The tree as a schema for lines of descent is one of those devices that have become so familiar as to give us little pause for thought. Yet it is often rich in implicit meaning, far beyond its immediate graphic utility.

The leading designer of evolutionary trees was the fervent German Darwinian, Ernst Haeckel. Famed for his beautifully illustrated publications of the Radiolaria — those geometrical masterpieces of micro-engineering — and as an anti-Catholic polemicist, Haeckel sought to so extend and consolidate Darwin's theory that it would brook no contradiction. He insisted that “ontogeny is a short and rapid recapitulation of phylogeny” — to the extent of bending his visual evidence to demonstrate identical stages in the embryological development of different species.

For Haeckel, every act of drawing was simultaneously an act of observation, analysis and demonstration in which appearance and interpretation were blended.

Haeckel aspired to a monist philosophy which dissolved the traditional dualisms of science and religion, reason and revelation, soul and body, mind and matter, man and animals, living and non-living, and organic and inorganic. His monism, unificatory on the surface, was nevertheless suffused with hierarchical values, not least in his trees.

Figure 1
figure 1

Ernst Haeckel, ‘Single or Monophyletic Pedigree of the Stem of the Back-Boned Animals based on Palaeontology’ from The History of Creation, 1875-6, vol. II, opposite page 233.

In his first major contribution to evolutionary theory, his General Morphology of Organisms in 1866, the tree assumes its most organic guise, with nicely rounded trunk and convincing ramifications, while in The History of Creation (translated by E. Ray Lankester in 1875-6) the trees are transformed into fern-like structures, with a degree of impressionistic suggestiveness commensurate with the uncertainties of the fossil record.

Such trees were not the inevitable outcome of an awareness of the successive phases of the appearance of species. Louis Agassiz's elegant spindle diagram in his book on fossil fish in 1833, eloquently expounded by Stephen Jay Gould, resists the joining of the branches to the trunks, because Agassiz was “convicted that they do not descend, one from the other”. If Agassiz's scheme is concerned with special creations and descent, Haeckel deals with the remorseless ascent of humankind.

Acknowledging that “man is separated from the other animals by quantitative, not qualitative, differences”, Haeckel recognized the continuity of all natural things. However, he argued that:

Figure 2
figure 2

Louis Agissiz, ‘Diagram of the Evolution of Fishes’ from Les poissons fossiles, 1833, vol.I, p. 170 (in S.J. Gould, Eight Little Piggies. p. 431).
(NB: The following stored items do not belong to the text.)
(* Let $N_1\ge N_2$, $N_3$, $T$ be nonnegative integers with $T\ge N_1+N_3$. For all positive integers $A,B$ the rate pair $$R_1=\frac{A(T+1-N_1-N_3)}{n},\qquad R_2=\frac{B(T+1-N_2-N_3)}{n},$$ where $n=\max\big(A(T+1-N_3),\,B(T+1-N_3),\,A(T+1-N_1)+B(T+1-N_2)\big)$, is achievable.
   Context: Network: two sources, one relay, one destination; no direct source–destination link. Source $i\in\{1,2\}$ has messages $s_{t,i}\in\mathbb{F}^{k_i}$, $t\ge0$, over a finite field $\mathbb{F}$. A time-invariant $(n_1,n_2,n_3,k_1,k_2,T)_{\mathbb{F}}$ streaming code (unbounded memory): source $i$ sends at time $t$ a packet $x^{(1)}_{t,i}\in\mathbb{F}^{n_i}$, a fixed function of $s_{0,i},\dots,s_{t,i}$; a relay function $g$, the same at every time $t$, takes the packets received from both sources at times $t-T,\dots,t$ together with the relay's previously produced estimates of past source messages, and outputs a packet $x^{(2)}_t\in\mathbb{F}^{n_3}$ and estimates of $s_{t-T,1},s_{t-T,2}$; the destination outputs at time $t+T$ estimates $\hat s_{t,i}$ from its received packets up to time $t+T$. Each link is a packet erasure channel (received packet is the sent one or the erasure symbol $*$). An $N$-erasure sequence has exactly $N$ erased times; link source $i\to$relay suffers an arbitrary $N_i$-erasure sequence, relay$\to$destination an arbitrary $N_3$-erasure sequence. The code is $(N_1,N_2,N_3)$-achievable if $\hat s_{t,i}=s_{t,i}$ always. Rate pair: $R_i=k_i/n$, $n=\max(n_1,n_2,n_3)$; a rate pair is achievable if it is the rate pair of some $(N_1,N_2,N_3)$-achievable code (over some finite field). *)

From HB Require Import structures.
From mathcomp Require Import all_boot all_order all_algebra.
Set Implicit Arguments. Unset Strict Implicit. Unset Printing Implicit Defensive.
Import GRing.Theory Num.Theory.

Definition erasure_seq (N : nat) (e : nat -> bool) : Prop :=
  exists s : seq nat, [/\ uniq s, size s = N & forall t, e t = (t \in s)].

Definition channel {X : Type} (e : nat -> bool) (x : nat -> X) (t : nat)
  : option X := if e t then None else Some (x t).

Record code (F : finFieldType) (n1 n2 n3 k1 k2 T : nat) := Code {
  (* source i sends at time t  enc_i [:: s_{0,i}; ...; s_{t,i}] *)
  enc1 : seq 'rV[F]_k1 -> 'rV[F]_n1;
  enc2 : seq 'rV[F]_k2 -> 'rV[F]_n2;
  (* relay function g, the same at every time t: inputs are the received
     packets of source 1 and source 2 at times t-T,...,t (times < 0 omitted)
     and the relay's previously produced estimates of past source messages
     (those of s_0,...,s_{t-T-1}); outputs the relay packet and the
     estimates of s_{t-T,1}, s_{t-T,2}. *)
  relay : seq (option 'rV[F]_n1) -> seq (option 'rV[F]_n2) ->
          seq ('rV[F]_k1 * 'rV[F]_k2) -> 'rV[F]_n3 * ('rV[F]_k1 * 'rV[F]_k2);
  (* destination: at time t+T, from its received packets at times
     0,...,t+T, outputs estimates of s_{t,1}, s_{t,2}. *)
  dec : seq (option 'rV[F]_n3) -> 'rV[F]_k1 * 'rV[F]_k2
}.

Section Run.
Variables (F : finFieldType) (n1 n2 n3 k1 k2 T : nat).
Variable C : code F n1 n2 n3 k1 k2 T.
Variables (s1 : nat -> 'rV[F]_k1) (s2 : nat -> 'rV[F]_k2).
Variables (e1 e2 e3 : nat -> bool).

Definition src1_packet (t : nat) : 'rV[F]_n1 := enc1 C (mkseq s1 t.+1).
Definition src2_packet (t : nat) : 'rV[F]_n2 := enc2 C (mkseq s2 t.+1).

Definition relay_rcv1 := channel e1 src1_packet.
Definition relay_rcv2 := channel e2 src2_packet.

(* received packets at times t-T, ..., t (truncated at time 0) *)
Definition window {X : Type} (y : nat -> X) (t : nat) : seq X :=
  [seq y j | j <- iota (t - T) (t - (t - T)).+1].

Fixpoint relay_outs (t : nat) : seq ('rV[F]_n3 * ('rV[F]_k1 * 'rV[F]_k2)) :=
  match t with
  | 0 => [::]
  | t'.+1 =>
      let prev := relay_outs t' in
      rcons prev (relay C (window relay_rcv1 t') (window relay_rcv2 t')
                          (drop T (map snd prev)))
  end.

Definition relay_packet (t : nat) : 'rV[F]_n3 :=
  (relay C (window relay_rcv1 t) (window relay_rcv2 t)
           (drop T (map snd (relay_outs t)))).1.

Definition dest_rcv := channel e3 relay_packet.

Definition dest_estimate (t : nat) : 'rV[F]_k1 * 'rV[F]_k2 :=
  dec C (mkseq dest_rcv (t + T).+1).
End Run.

Definition achievable_code (F : finFieldType) (n1 n2 n3 k1 k2 T : nat)
  (C : code F n1 n2 n3 k1 k2 T) (N1 N2 N3 : nat) : Prop :=
  forall (s1 : nat -> 'rV[F]_k1) (s2 : nat -> 'rV[F]_k2) (e1 e2 e3 : nat -> bool),
    erasure_seq N1 e1 -> erasure_seq N2 e2 -> erasure_seq N3 e3 ->
    forall t, dest_estimate C s1 s2 e1 e2 e3 t = (s1 t, s2 t).

Definition rate_pair_achievable (N1 N2 N3 T : nat) (R1 R2 : rat) : Prop :=
  exists (F : finFieldType) (n1 n2 n3 k1 k2 : nat) (C : code F n1 n2 n3 k1 k2 T),
    [/\ achievable_code C N1 N2 N3,
        R1 = (k1%:R / (maxn n1 (maxn n2 n3))%:R)%R
      & R2 = (k2%:R / (maxn n1 (maxn n2 n3))%:R)%R].

From mathcomp Require Import all_boot all_order all_algebra.
From mathcomp Require Import zify.

Import GRing.Theory.

(* Source i sends A (resp. B) parallel copies of a diagonally interleaved MDS code
   with k = T+1-N_i-N_3 message rows and k + N_i coded rows per diagonal, so that
   despite N_i erasures the relay knows row j of the message of time t by time
   t + N_i + j.  It forwards each message with a second MDS code of length k + N_3
   whose row r goes out at time t + N_i + r; that row only involves message rows
   j <= r, and the destination has k of the k + N_3 rows by time t + T.  Both
   generator matrices are evaluations of the Newton basis at distinct nodes: they
   are MDS, because a nonzero combination of the first k Newton polynomials has
   fewer than k roots, and lower triangular, which is what makes both codes
   causal.  The relay packet is the concatenation of the two forwarding codes. *)

Lemma card_shift_mem L b (s : seq nat) :
  #|[set r : 'I_L | b + r \in s]| <= size s.
Proof.
rewrite cardE -(size_map (fun r : 'I_L => b + r)); apply: uniq_leq_size.
  by rewrite map_inj_uniq ?enum_uniq // => x y /addnI /val_inj.
by move=> x /mapP [r]; rewrite mem_enum inE => r_hit ->.
Qed.

Section NewtonCode.
Context {F : fieldType} (alpha : nat -> F).
Local Open Scope ring_scope.

Definition newton_poly (j : nat) : {poly F} := \prod_(i < j) ('X - (alpha i)%:P).

Definition newton_gen (L a : nat) : 'M[F]_(L, a) :=
  \matrix_(r, j) \prod_(i < j) (alpha r - alpha i).

Lemma newton_gen_lower L a (r : 'I_L) (j : 'I_a) :
  (r < j)%N -> newton_gen L a r j = 0.
Proof.
by move=> rj; rewrite mxE (bigD1 (Ordinal rj)) //= subrr mul0r.
Qed.

Lemma row_newton_gen_mul L a A (r : 'I_L) (d d' : 'M[F]_(a, A)) :
  (forall j : 'I_a, (j <= r)%N -> row j d = row j d') ->
  row r (newton_gen L a *m d) = row r (newton_gen L a *m d').
Proof.
move=> dd'; apply/rowP => l; rewrite !mxE; apply: eq_bigr => j _.
have [jr | rj] := leqP j r; last by rewrite newton_gen_lower ?mul0r.
by have /rowP/(_ l) := dd' j jr; rewrite !mxE => ->.
Qed.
“if one must draw a sharp boundary, it has to be drawn between the most highly developed and civilised man on one hand, and the rudest savages on the other, and the latter have to be classed with the animals”.

Unhappily, on the eve of the First World War, he was inclined to agree with the physicist Wilhelm Ostwald that the Germanic race was leading the way into new evolutionary uplands, having “discovered the factor of organisation”, whereas “other peoples live under the regime of individualism”.

Haeckel's hierarchical trees all too readily lent themselves to such forms of social Darwinism and eugenic perfection. However, it would have behoven him — and it certainly repays us — to reflect that the unbroken persistence of some ‘primitive’ species from the lowest ramifications of his trees can just as readily suggest that the human race, as a newcomer on the evolutionary stage, has a long way to go to demonstrate comparably sustained durability.